**Action item:**
When you reach the records, transcribe each one exactly.

**Given records:**
----
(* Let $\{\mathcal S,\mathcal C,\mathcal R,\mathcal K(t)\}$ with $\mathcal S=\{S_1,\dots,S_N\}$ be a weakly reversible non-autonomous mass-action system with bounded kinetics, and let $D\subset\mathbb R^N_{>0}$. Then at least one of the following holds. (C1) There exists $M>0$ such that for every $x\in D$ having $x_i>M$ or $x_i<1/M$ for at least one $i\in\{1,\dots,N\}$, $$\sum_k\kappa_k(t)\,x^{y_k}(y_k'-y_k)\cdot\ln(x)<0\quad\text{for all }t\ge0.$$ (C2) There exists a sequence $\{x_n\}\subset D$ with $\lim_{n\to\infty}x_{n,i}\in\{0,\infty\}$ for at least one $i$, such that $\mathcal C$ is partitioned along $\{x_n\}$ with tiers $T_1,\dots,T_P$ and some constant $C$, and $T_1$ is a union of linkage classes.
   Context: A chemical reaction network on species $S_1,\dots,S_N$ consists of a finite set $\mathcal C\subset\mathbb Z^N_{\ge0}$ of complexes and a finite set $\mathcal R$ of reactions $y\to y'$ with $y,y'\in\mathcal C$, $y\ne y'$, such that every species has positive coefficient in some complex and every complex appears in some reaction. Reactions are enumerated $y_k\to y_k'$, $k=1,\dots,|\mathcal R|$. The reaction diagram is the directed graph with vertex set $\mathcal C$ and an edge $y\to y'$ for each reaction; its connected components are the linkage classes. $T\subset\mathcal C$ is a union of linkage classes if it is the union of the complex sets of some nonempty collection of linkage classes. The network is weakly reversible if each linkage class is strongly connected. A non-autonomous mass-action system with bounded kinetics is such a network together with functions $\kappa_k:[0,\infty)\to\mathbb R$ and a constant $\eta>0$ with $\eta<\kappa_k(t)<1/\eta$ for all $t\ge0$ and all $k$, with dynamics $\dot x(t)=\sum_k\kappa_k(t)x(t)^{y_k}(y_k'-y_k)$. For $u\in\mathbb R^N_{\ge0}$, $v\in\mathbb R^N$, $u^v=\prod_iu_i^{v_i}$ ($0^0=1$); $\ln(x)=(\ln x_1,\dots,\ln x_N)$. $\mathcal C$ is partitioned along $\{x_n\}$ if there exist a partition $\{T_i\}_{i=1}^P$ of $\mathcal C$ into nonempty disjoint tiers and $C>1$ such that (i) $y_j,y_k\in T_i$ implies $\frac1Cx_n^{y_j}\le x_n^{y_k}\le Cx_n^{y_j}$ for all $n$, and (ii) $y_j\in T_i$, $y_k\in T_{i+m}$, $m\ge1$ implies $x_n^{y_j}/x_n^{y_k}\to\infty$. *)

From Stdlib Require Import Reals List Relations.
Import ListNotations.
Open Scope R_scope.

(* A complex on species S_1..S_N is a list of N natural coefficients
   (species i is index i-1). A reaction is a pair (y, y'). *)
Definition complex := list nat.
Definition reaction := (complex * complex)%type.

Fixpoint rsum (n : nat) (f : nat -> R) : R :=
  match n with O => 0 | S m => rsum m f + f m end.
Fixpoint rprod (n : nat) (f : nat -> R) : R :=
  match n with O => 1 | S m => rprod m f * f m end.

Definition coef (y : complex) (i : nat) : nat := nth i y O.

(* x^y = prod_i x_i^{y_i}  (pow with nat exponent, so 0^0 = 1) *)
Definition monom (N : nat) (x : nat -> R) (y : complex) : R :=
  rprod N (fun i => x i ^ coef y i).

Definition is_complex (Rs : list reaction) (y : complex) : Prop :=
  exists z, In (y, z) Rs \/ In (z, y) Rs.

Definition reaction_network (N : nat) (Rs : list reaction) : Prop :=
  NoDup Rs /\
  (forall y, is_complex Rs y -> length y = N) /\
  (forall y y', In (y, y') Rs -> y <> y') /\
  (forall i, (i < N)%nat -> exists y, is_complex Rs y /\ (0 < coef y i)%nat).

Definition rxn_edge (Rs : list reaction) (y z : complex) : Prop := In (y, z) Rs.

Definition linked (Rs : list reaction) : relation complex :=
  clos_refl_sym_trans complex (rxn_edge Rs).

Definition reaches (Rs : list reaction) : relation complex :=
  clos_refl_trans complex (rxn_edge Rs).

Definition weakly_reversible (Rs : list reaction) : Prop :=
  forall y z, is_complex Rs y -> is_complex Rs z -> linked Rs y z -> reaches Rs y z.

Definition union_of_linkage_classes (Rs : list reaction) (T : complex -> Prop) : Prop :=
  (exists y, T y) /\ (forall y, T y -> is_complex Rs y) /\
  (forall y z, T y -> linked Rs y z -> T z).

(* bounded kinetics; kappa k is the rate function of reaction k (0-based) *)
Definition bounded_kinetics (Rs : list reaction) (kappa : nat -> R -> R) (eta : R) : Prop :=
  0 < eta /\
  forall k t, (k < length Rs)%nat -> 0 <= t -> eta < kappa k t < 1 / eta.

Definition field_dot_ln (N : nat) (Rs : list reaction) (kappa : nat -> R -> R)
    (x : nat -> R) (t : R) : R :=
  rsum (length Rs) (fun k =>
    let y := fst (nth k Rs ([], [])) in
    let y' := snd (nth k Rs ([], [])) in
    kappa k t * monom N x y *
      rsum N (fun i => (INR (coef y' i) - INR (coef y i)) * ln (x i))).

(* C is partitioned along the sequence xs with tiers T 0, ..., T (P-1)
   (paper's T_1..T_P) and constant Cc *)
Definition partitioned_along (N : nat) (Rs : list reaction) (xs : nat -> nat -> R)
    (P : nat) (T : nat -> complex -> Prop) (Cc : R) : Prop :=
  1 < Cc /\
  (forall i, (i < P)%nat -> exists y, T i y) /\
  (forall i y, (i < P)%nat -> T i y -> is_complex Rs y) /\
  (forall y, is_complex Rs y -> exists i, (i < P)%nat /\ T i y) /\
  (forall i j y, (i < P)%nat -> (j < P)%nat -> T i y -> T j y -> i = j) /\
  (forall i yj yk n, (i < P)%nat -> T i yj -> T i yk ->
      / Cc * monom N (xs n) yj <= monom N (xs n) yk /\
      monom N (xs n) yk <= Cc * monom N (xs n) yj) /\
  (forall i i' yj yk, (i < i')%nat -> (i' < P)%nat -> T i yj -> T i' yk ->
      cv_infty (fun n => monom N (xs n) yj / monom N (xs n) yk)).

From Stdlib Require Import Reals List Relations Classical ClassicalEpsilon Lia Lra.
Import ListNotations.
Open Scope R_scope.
----
**Solution below:**
(* Let $\{\mathcal S,\mathcal C,\mathcal R,\mathcal K(t)\}$ with $\mathcal S=\{S_1,\dots,S_N\}$ be a weakly reversible non-autonomous mass-action system with bounded kinetics, and let $D\subset\mathbb R^N_{>0}$. Then at least one of the following holds. (C1) There exists $M>0$ such that for every $x\in D$ having $x_i>M$ or $x_i<1/M$ for at least one $i\in\{1,\dots,N\}$, $$\sum_k\kappa_k(t)\,x^{y_k}(y_k'-y_k)\cdot\ln(x)<0\quad\text{for all }t\ge0.$$ (C2) There exists a sequence $\{x_n\}\subset D$ with $\lim_{n\to\infty}x_{n,i}\in\{0,\infty\}$ for at least one $i$, such that $\mathcal C$ is partitioned along $\{x_n\}$ with tiers $T_1,\dots,T_P$ and some constant $C$, and $T_1$ is a union of linkage classes.
   Context: A chemical reaction network on species $S_1,\dots,S_N$ consists of a finite set $\mathcal C\subset\mathbb Z^N_{\ge0}$ of complexes and a finite set $\mathcal R$ of reactions $y\to y'$ with $y,y'\in\mathcal C$, $y\ne y'$, such that every species has positive coefficient in some complex and every complex appears in some reaction. Reactions are enumerated $y_k\to y_k'$, $k=1,\dots,|\mathcal R|$. The reaction diagram is the directed graph with vertex set $\mathcal C$ and an edge $y\to y'$ for each reaction; its connected components are the linkage classes. $T\subset\mathcal C$ is a union of linkage classes if it is the union of the complex sets of some nonempty collection of linkage classes. The network is weakly reversible if each linkage class is strongly connected. A non-autonomous mass-action system with bounded kinetics is such a network together with functions $\kappa_k:[0,\infty)\to\mathbb R$ and a constant $\eta>0$ with $\eta<\kappa_k(t)<1/\eta$ for all $t\ge0$ and all $k$, with dynamics $\dot x(t)=\sum_k\kappa_k(t)x(t)^{y_k}(y_k'-y_k)$. For $u\in\mathbb R^N_{\ge0}$, $v\in\mathbb R^N$, $u^v=\prod_iu_i^{v_i}$ ($0^0=1$); $\ln(x)=(\ln x_1,\dots,\ln x_N)$. $\mathcal C$ is partitioned along $\{x_n\}$ if there exist a partition $\{T_i\}_{i=1}^P$ of $\mathcal C$ into nonempty disjoint tiers and $C>1$ such that (i) $y_j,y_k\in T_i$ implies $\frac1Cx_n^{y_j}\le x_n^{y_k}\le Cx_n^{y_j}$ for all $n$, and (ii) $y_j\in T_i$, $y_k\in T_{i+m}$, $m\ge1$ implies $x_n^{y_j}/x_n^{y_k}\to\infty$. *)

From Stdlib Require Import Reals List Relations.
Import ListNotations.
Open Scope R_scope.

(* A complex on species S_1..S_N is a list of N natural coefficients
   (species i is index i-1). A reaction is a pair (y, y'). *)
Definition complex := list nat.
Definition reaction := (complex * complex)%type.

Fixpoint rsum (n : nat) (f : nat -> R) : R :=
  match n with O => 0 | S m => rsum m f + f m end.
Fixpoint rprod (n : nat) (f : nat -> R) : R :=
  match n with O => 1 | S m => rprod m f * f m end.

Definition coef (y : complex) (i : nat) : nat := nth i y O.

(* x^y = prod_i x_i^{y_i}  (pow with nat exponent, so 0^0 = 1) *)
Definition monom (N : nat) (x : nat -> R) (y : complex) : R :=
  rprod N (fun i => x i ^ coef y i).

Definition is_complex (Rs : list reaction) (y : complex) : Prop :=
  exists z, In (y, z) Rs \/ In (z, y) Rs.

Definition reaction_network (N : nat) (Rs : list reaction) : Prop :=
  NoDup Rs /\
  (forall y, is_complex Rs y -> length y = N) /\
  (forall y y', In (y, y') Rs -> y <> y') /\
  (forall i, (i < N)%nat -> exists y, is_complex Rs y /\ (0 < coef y i)%nat).

Definition rxn_edge (Rs : list reaction) (y z : complex) : Prop := In (y, z) Rs.

Definition linked (Rs : list reaction) : relation complex :=
  clos_refl_sym_trans complex (rxn_edge Rs).

Definition reaches (Rs : list reaction) : relation complex :=
  clos_refl_trans complex (rxn_edge Rs).

Definition weakly_reversible (Rs : list reaction) : Prop :=
  forall y z, is_complex Rs y -> is_complex Rs z -> linked Rs y z -> reaches Rs y z.

Definition union_of_linkage_classes (Rs : list reaction) (T : complex -> Prop) : Prop :=
  (exists y, T y) /\ (forall y, T y -> is_complex Rs y) /\
  (forall y z, T y -> linked Rs y z -> T z).

(* bounded kinetics; kappa k is the rate function of reaction k (0-based) *)
Definition bounded_kinetics (Rs : list reaction) (kappa : nat -> R -> R) (eta : R) : Prop :=
  0 < eta /\
  forall k t, (k < length Rs)%nat -> 0 <= t -> eta < kappa k t < 1 / eta.

Definition field_dot_ln (N : nat) (Rs : list reaction) (kappa : nat -> R -> R)
    (x : nat -> R) (t : R) : R :=
  rsum (length Rs) (fun k =>
    let y := fst (nth k Rs ([], [])) in
    let y' := snd (nth k Rs ([], [])) in
    kappa k t * monom N x y *
      rsum N (fun i => (INR (coef y' i) - INR (coef y i)) * ln (x i))).

(* C is partitioned along the sequence xs with tiers T 0, ..., T (P-1)
   (paper's T_1..T_P) and constant Cc *)
Definition partitioned_along (N : nat) (Rs : list reaction) (xs : nat -> nat -> R)
    (P : nat) (T : nat -> complex -> Prop) (Cc : R) : Prop :=
  1 < Cc /\
  (forall i, (i < P)%nat -> exists y, T i y) /\
  (forall i y, (i < P)%nat -> T i y -> is_complex Rs y) /\
  (forall y, is_complex Rs y -> exists i, (i < P)%nat /\ T i y) /\
  (forall i j y, (i < P)%nat -> (j < P)%nat -> T i y -> T j y -> i = j) /\
  (forall i yj yk n, (i < P)%nat -> T i yj -> T i yk ->
      / Cc * monom N (xs n) yj <= monom N (xs n) yk /\
      monom N (xs n) yk <= Cc * monom N (xs n) yj) /\
  (forall i i' yj yk, (i < i')%nat -> (i' < P)%nat -> T i yj -> T i' yk ->
      cv_infty (fun n => monom N (xs n) yj / monom N (xs n) yk)).

From Stdlib Require Import Reals List Relations Classical ClassicalEpsilon Lia Lra.
Import ListNotations.
Open Scope R_scope.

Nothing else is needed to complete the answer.